McConnell’s administration, despite its flaws, did at least understand that culture should be absolutely central to devolved government.

It founded a national theatre – giving substance to a relatively freewheeling national cultural body. Where are the equivalent steps forward today?

The Labour First Minister stated on St Andrews Day in 2003: ‘I believe we can now make the development of our creative drive, our imagination, the next major enterprise for our society.’ 14 years on, that enterprise feels stalled.

The long game

If the current Scottish Government needs an agenda, running parallel to its ultimate goal of independence, but not trapped by a potentially ruinous second referendum, it must be defined by a new set of priorities.

These ought to include a return to powerhouse local government, a new freedom for civil servants to break with the patrician centralism of the New Labour mindset, and a renewed interest in seeding cultural revival.

Independence is once again a long game, played with rules that are constantly changing.

The areas of policy where the SNP have been strongest – on introducing and maintaining universalism in health, education, personal care and childcare – bind Scots to a distinctive set of social policies that they all share.

But a nation is about something more than just the shared experience of institutions and services. A nation is a diverse, jumbled and often contradictory mix of places, peoples, cultures. Scotland is no exception here; it sits in the mainstream.

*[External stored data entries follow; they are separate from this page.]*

Lemma spread_disjoint_members (T : finType) (F : {set {set T}}) p k L :
  0 < p -> 0 < L -> p * k * 3 ^ L < 4 ^ L -> (forall A, A \in F -> #|A| = k) -> 0 < #|F| ->
  spread F (64 * (p * L)) ->
  exists f : 'I_p -> {set T},
    (forall i, f i \in F) /\ forall i j, i != j -> [disjoint f i & f j].
Proof.
move=> p_gt0 L_gt0 contract Fk F_gt0 spreadF.
pose failing i := [set c : {ffun T -> 'I_p * 'I_L} | fails F i L c].
have [c good_c] : exists c : {ffun T -> 'I_p * 'I_L}, forall i, ~~ fails F i L c.
  have lt_card : #|\bigcup_(i < p) failing i| < #|{: {ffun T -> 'I_p * 'I_L}}|.
    apply: leq_ltn_trans (card_bigcup_le _ _) _; apply: sum_lt_of_mul_lt => // i.
    exact: card_fails_lt L_gt0 contract Fk F_gt0 spreadF.
  have /subsetPn [c _ c_good] : ~~ ([set: _] \subset \bigcup_(i < p) failing i).
    by apply: contraTN lt_card => /subset_leq_card; rewrite cardsT -leqNgt.
  by exists c => i; apply: contraNN c_good => fail_i; apply/bigcupP; exists i; rewrite ?inE.
have member i : exists A, (A \in F) && (A \subset [set x | (c x).1 == i]).
  by have [A AF subA] := fails_cover (good_c i); exists A; rewrite AF.
have [f fP] := fin_all_exists member.
exists f; split => [i | i j ij]; first by case/andP: (fP i).
apply: disjointWl (proj2 (andP (fP i))) _; apply: disjointWr (proj2 (andP (fP j))) _.
by rewrite disjoints_subset; apply/subsetP => x; rewrite !inE => /eqP ->.
Qed.

Definition rounds p k := 3 * (trunc_log 2 (p * k)).+1.

Definition spread_bound p k := 64 * (p * rounds p k).

Lemma rounds_contract p k : p * k * 3 ^ rounds p k < 4 ^ rounds p k.
Proof.
rewrite /rounds !expnM; set m := (trunc_log 2 (p * k)).+1.
apply: (@leq_trans (2 ^ m * (3 ^ 3) ^ m)).
  by rewrite ltn_pmul2r ?expn_gt0 // trunc_log_ltn.
by rewrite -expnMn leq_exp2r.
Qed.

Lemma leq_spread_bound p k k' : k' <= k -> spread_bound p k' <= spread_bound p k.
Proof.
by move=> le_k; rewrite !leq_mul2l ltnS leq_trunc_log ?orbT // leq_mul2l le_k orbT.
Qed.

Lemma sunflower_of_disjoint (T : finType) p (f : 'I_p -> {set T}) :
  (forall i, f i != set0) -> (forall i j, i != j -> [disjoint f i & f j]) ->
  is_sunflower p (f @: setT).
Proof.
move=> f_neq0 f_disj.
have f_inj : injective f.
  move=> i j eq_f; apply/eqP; apply: contraTT (f_neq0 j) => /f_disj.
  by rewrite -setI_eq0 eq_f setIid negbK.
split; first by rewrite card_imset // cardsT card_ord.
exists set0 => _ _ /imsetP [i _ ->] /imsetP [j _ ->] ne_f.
by apply/disjoint_setI0/f_disj; apply: contraNneq ne_f => ->.
Qed.

Lemma sunflower_of_spread (T : finType) (F : {set {set T}}) p k :
  0 < p -> 0 < k -> (forall A, A \in F -> #|A| = k) -> 0 < #|F| ->
  spread F (spread_bound p k) -> exists S : {set {set T}}, S \subset F /\ is_sunflower p S.
Proof.
move=> p_gt0 k_gt0 Fk F_gt0 spreadF.
have [|f [fF f_disj]] :=
  spread_disjoint_members p_gt0 _ (rounds_contract p k) Fk F_gt0 spreadF.
  by rewrite muln_gt0.
exists (f @: setT); split; first by apply/subsetP => _ /imsetP [i _ ->].
by apply: sunflower_of_disjoint f_disj => i; rewrite -card_gt0 Fk.
Qed.

Definition link (T : finType) (F : {set {set T}}) (Z : {set T}) :=
  [set A :\: Z | A in star F Z].

Lemma card_link (T : finType) (F : {set {set T}}) Z : #|link F Z| = #|star F Z|.
Proof.
apply: card_in_imset => A B; rewrite !inE => /andP [_ ZA] /andP [_ ZB] eqD.
by rewrite -(setID A Z) -(setID B Z) (setIidPr ZA) (setIidPr ZB) eqD.
Qed.

Lemma link_uniform (T : finType) (F : {set {set T}}) Z k :
  (forall A, A \in F -> #|A| = k) -> forall B, B \in link F Z -> #|B| = k - #|Z|.
Proof.
by move=> Fk B /imsetP [A]; rewrite inE => /andP [AF ZA] ->; rewrite cardsDS // Fk.
Qed.

Lemma sunflower_lift (T : finType) (F : {set {set T}}) Z p (S : {set {set T}}) :
  S \subset link F Z -> is_sunflower p S ->
  exists S' : {set {set T}}, S' \subset F /\ is_sunflower p S'.
Proof.
move=> S_link [cardS [Y core]].
have linkP B : B \in S -> (B :|: Z \in F) /\ (B :|: Z) :\: Z = B.
  move/(subsetP S_link) => /imsetP [A]; rewrite inE => /andP [AF ZA] ->.
  have eqA : A :\: Z :|: Z = A by rewrite setUC -{2}(setID A Z) (setIidPr ZA).
  by rewrite eqA.
have lift_inj : {in S &, injective (fun B => B :|: Z)}.
  by move=> B1 B2 /linkP [_ eq1] /linkP [_ eq2] eqU; rewrite -eq1 -eq2 /= eqU.
exists [set B :|: Z | B in S]; split.
  by apply/subsetP => _ /imsetP [B /linkP [? _] ->].
split; first by rewrite card_in_imset.
exists (Y :|: Z) => _ _ /imsetP [B1 B1S ->] /imsetP [B2 B2S ->] ne.
by rewrite -setUIl core //; apply: contraNneq ne => ->.
Qed.

Lemma sunflower_of_large (T : finType) (F : {set {set T}}) p k :
  1 < p -> (forall A, A \in F -> #|A| = k) -> spread_bound p k ^ k < #|F| ->
  exists S : {set {set T}}, S \subset F /\ is_sunflower p S.
Proof.
move=> p_gt1; elim/ltn_ind: k F => k IH F Fk large.
set r := spread_bound p k in large.
have F_gt0 : 0 < #|F| := leq_ltn_trans (leq0n _) large.
have k_gt0 : 0 < k.
  rewrite lt0n; apply: contraTneq large => k0; rewrite k0 expn0 -leqNgt.
  rewrite -(cards1 (set0 : {set T})); apply: subset_leq_card; apply/subsetP => A AF.
  by rewrite inE -cards_eq0 Fk ?k0.
have [Z /andP [Z_neq0 dense] | sparse] :=
  pickP (fun Z : {set T} => (Z != set0) && (#|F| < #|star F Z| * r ^ #|Z|)); last first.
  apply: sunflower_of_spread (ltnW p_gt1) k_gt0 Fk F_gt0 _ => Z Z_neq0.
  by have := sparse Z; rewrite Z_neq0 /= ltnNge => /negbFE.
have /card_gt0P [A] : 0 < #|star F Z|.
  by rewrite lt0n; apply: contraTneq dense => ->; rewrite mul0n.
rewrite inE => /andP [AF ZA].
have le_Zk : #|Z| <= k by rewrite -(Fk A AF) subset_leq_card.
have lt_k : k - #|Z| < k by rewrite ltn_subrL k_gt0 card_gt0 Z_neq0.
have large_link : spread_bound p (k - #|Z|) ^ (k - #|Z|) < #|link F Z|.
  have r_gt0 : 0 < r ^ #|Z|.
    by rewrite expn_gt0 /r /spread_bound /rounds !muln_gt0 (ltnW p_gt1).
  rewrite card_link -(ltn_pmul2r r_gt0); apply: leq_ltn_trans (ltn_trans large dense).
  rewrite -{3}(subnK le_Zk) expnD leq_mul2r; apply/orP; right.
  case: (k - #|Z|) (leq_spread_bound p (leq_subr #|Z| k)) => // e le_bound.
  by rewrite leq_exp2r.
have [S [S_link sunS]] := IH _ lt_k _ (link_uniform Fk) large_link.
exact: sunflower_lift S_link sunS.
Qed.

(* Imported last, so that [^] is the real power in [theorem1] as in its
   statement; on [nat] it now denotes [Nat.pow], hence [expn] below. *)
From Stdlib Require Import Reals Lra.

Lemma INR_expn (a n : nat) : INR (expn a n) = (INR a ^ n)%R.
Proof. by elim: n => [|n IH] //; rewrite expnS mulnE mult_INR IH. Qed.

Lemma log2_ge (t n : nat) : (expn 2 t <= n)%N -> (INR t <= log2 (INR n))%R.
Proof.
move=> le_n.
have ln2_gt0 : (0 < ln 2)%R by rewrite -ln_1; apply: ln_increasing; lra.
have pow_gt0 : (0 < 2 ^ t)%R by apply: pow_lt; lra.
have le_pow : (2 ^ t <= INR n)%R.
  by have := le_INR _ _ (elimT leP le_n); rewrite INR_expn /= (_ : (1 + 1 = 2)%R) //; lra.
rewrite /log2; apply: (Rmult_le_reg_r (ln 2)) => //.
rewrite /Rdiv Rmult_assoc Rinv_l ?Rmult_1_r -?ln_pow; try lra.
case: (Rle_lt_or_eq_dec _ _ le_pow) => [lt_pow | <-]; last exact: Rle_refl.
by left; apply: ln_increasing.
Qed.

Lemma spread_bound_le p k : (2 <= p)%N -> (1 <= k)%N ->
  (INR (spread_bound p k) <= 384 * INR p * log2 (INR (p * k)))%R.
Proof.
move=> p_ge2 k_ge1; have n_ge2 : (2 <= p * k)%N by rewrite -[2]muln1 leq_mul.
have log_t := log2_ge (trunc_logP (isT : 1 < 2) (ltnW n_ge2)).
have log_1 : (1 <= log2 (INR (p * k)))%R by have := log2_ge (n := p * k) (t := 1) n_ge2.
have p_ge0 := pos_INR p.
have e64 : INR 64 = 64%R by rewrite INR_IZR_INZ.
have e3 : INR 3 = 3%R by rewrite INR_IZR_INZ.
have -> : INR (spread_bound p k) = (192 * INR p * (INR (trunc_log 2 (p * k)) + 1))%R.
  by rewrite /spread_bound /rounds !mulnE !mult_INR e64 e3 S_INR; ring.
nra.
Qed.

Theorem theorem1 :
  exists alpha : R, (1 < alpha)%R /\
    forall (p k : nat), (2 <= p)%N -> (1 <= k)%N ->
    forall (T : finType) (F : {set {set T}}),
      (forall A : {set T}, A \in F -> #|A| = k) ->
      (INR #|F| > (alpha * INR p * log2 (INR (p * k))) ^ k)%R ->
      exists S : {set {set T}}, S \subset F /\ is_sunflower p S.
Proof.
exists 384%R; split; first lra.
move=> p k p_ge2 k_ge1 T F Fk large.
apply: (sunflower_of_large p_ge2 Fk); apply/ltP; apply: INR_lt.
rewrite INR_expn; apply: Rle_lt_trans large.
by apply: pow_incr; split; [exact: pos_INR | exact: spread_bound_le].
Qed.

Looking to the local and empowering people to embrace and participate in their own culture, are the only ingredients potent enough to build the confidence that will make independence happen. In both these fields, with cuts looming left, right and centre ten years in, the SNP has struggled to find a new instinct and break out of the mould it inherited.

It is impossible to imagine a Scotland without the SNP – the country now exists in the party’s image.

But that image: gradualist, reformist, cautious and economically optimistic, was forged in an era, a mere decade ago, entirely different from the one we’re now in. Things really have been changing that fast.

The claim of Scottish nationalism, unless it’s going to be overtaken once again by events elsewhere, must not be defined by loose and nebulous concepts like growth or progress. It should instead by defined by resilience. A deeper democracy, a confident, empowered and inspired populace – a bulwark against the coming storm, and the only foundation sturdy enough to build a new country, when all around, destruction is the order of the day.